A typical journal article contains the results of only one analysis pipeline, by one set of analysts. Even in the best of circumstances, there is reason to think that judicious alternative analyses would yield different outcomes.
For example, in 2020, the UK Scientific Pandemic Influenza Group on Modelling asked nine teams to calculate the reproduction number R for COVID-19 infections1. The teams chose from an abundance of data (deaths, hospital admissions, testing rates) and modelling approaches. Despite the clarity of the question, the variability of the estimates across teams was considerable (see ‘Nine teams, nine estimates’).
On 8 October 2020, the most optimistic estimate suggested that every 100 people with COVID-19 would infect 115 others, but perhaps as few as 96, the latter figure implying that the pandemic might actually be retreating. By contrast, the most pessimistic estimate had 100 people with COVID-19 infecting 166 others, with an upper bound of 182, indicating a rapid spread. Although the consensus was that the trajectory of disease spread was cause for concern, the uncertainty across the nine teams was considerably larger than the uncertainty within any one team. It informed future work as the pandemic continued.
This and other ‘multi-analyst’ projects show that independent statisticians hardly ever use the same procedure2–6. Yet, in fields from ecology to psychology and from medicine to materials science, a single analysis is considered sufficient evidence to publish a finding and make a strong claim.
Over the past ten years, the concept of P-hacking has made researchers aware of how the ability to use many valid statistical procedures can tempt scientists to select the one that leads to the most flattering conclusion. Less understood is how restricting analyses to a single technique effectively blinds researchers to an important aspect of uncertainty, making results seem more precise than they really are.
To a statistician, uncertainty refers to the range of values that might reasonably be taken by, say, the reproduction number of COVID-19 or the correlation between religiosity and well-being6, or between cerebral cortical thickness and cognitive ability7, or any number of statistical estimates. We argue that the current mode of scientific publication — which settles for a single analysis — entrenches ‘model myopia’, a limited consideration of statistical assumptions. That leads to overconfidence and poor predictions.

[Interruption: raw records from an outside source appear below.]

Lemma Delta_mix t q q' : 0 <= t <= 1 -> Delta q -> Delta q' -> Delta (mix t q q').
Proof.
move=> t01 [q0 q1] [q'0 q'1]; split; first exact: mix_ge0.
by move=> k; rewrite big_split /= -!mulr_sumr q1 q'1 !mulr1 subrK.
Qed.

Lemma pXYN_ge0 q : Delta q -> forall i nu, 0 <= pXYN p q i nu.
Proof. by move=> [q0 _] i nu; apply: sumr_ge0 => k _; rewrite mulr_ge0. Qed.

Lemma pYYN_ge0 q : Delta q -> forall k nu, 0 <= pYYN p q k nu.
Proof. by move=> [q0 _] k nu; rewrite mulr_ge0 ?pY_ge0. Qed.

Lemma row_marg_pYYN q : Delta q -> forall k, row_marg (pYYN p q) k = pY p k.
Proof. by move=> [_ q1] k; rewrite /row_marg -mulr_suml q1 mul1r. Qed.

Lemma pXYN_mix t q q' : pXYN p (mix t q q') = mix t (pXYN p q) (pXYN p q').
Proof.
apply/funext => i; apply/funext => nu.
rewrite /pXYN /mix; under eq_bigr do rewrite mulrDl -!mulrA.
by rewrite big_split /= -!mulr_sumr.
Qed.

Lemma pYYN_mix t q q' : pYYN p (mix t q q') = mix t (pYYN p q) (pYYN p q').
Proof. by apply/funext => k; apply/funext => nu; rewrite /pYYN /mix; ring. Qed.

Lemma I_XYN_eq0_const q (c : 'I_N -> R) : \sum_nu c nu = 1 ->
  (forall k, pY p k != 0 -> forall nu, q nu k = c nu) -> I_XYN p q = 0.
Proof.
move=> c1 qc; apply: (mutinf_prod (r := row_marg p) (c := c)) => [i nu||//].
  rewrite /pXYN /row_marg mulr_suml; apply: eq_bigr => k _.
  have [pk0|pk] := eqVneq (pY p k) 0; last by rewrite qc // mulrC.
  by rewrite (psumr_eq0P (P := predT) (fun i _ => p_ge0 i k) pk0) ?mulr0 ?mul0r.
exact: sum_row_marg_p.
Qed.

Lemma I_YYN_unif : I_YYN p unif = 0.
Proof.
apply: (mutinf_prod (r := pY p) (c := fun _ => N%:R^-1)) => [k nu||].
- by rewrite /pYYN mulrC.
- exact: sum_pY.
- exact: sum_unif.
Qed.

Lemma I_YYN_le0_I_XYN_eq0 q : Delta q -> I_YYN p q <= 0 -> I_XYN p q = 0.
Proof.
move=> hq le0; have J1 : \sum_k \sum_nu pYYN p q k nu = 1.
  by rewrite -sum_pY; apply: eq_bigr => k _; exact: row_marg_pYYN.
have indep := mutinf_le0_prod (pYYN_ge0 hq) J1 le0.
apply: (I_XYN_eq0_const (c := col_marg (pYYN p q))) => [|k pk nu].
  by rewrite /col_marg exchange_big.
apply: (mulIf pk); move: (indep k nu); rewrite row_marg_pYYN // /pYYN => ->.
exact: mulrC.
Qed.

To gauge the robustness of their conclusions, researchers should subject the data to multiple analyses; ideally, these would be carried out by one or more independent teams. We understand that this is a big shift in how science is done, that appropriate infrastructure and incentives are not yet in place, and that many researchers will recoil at the idea as being burdensome and impractical. Nonetheless, we argue that the benefits of broader, more-diverse approaches to statistical inference could be so consequential that it is imperative to consider how they might be made routine.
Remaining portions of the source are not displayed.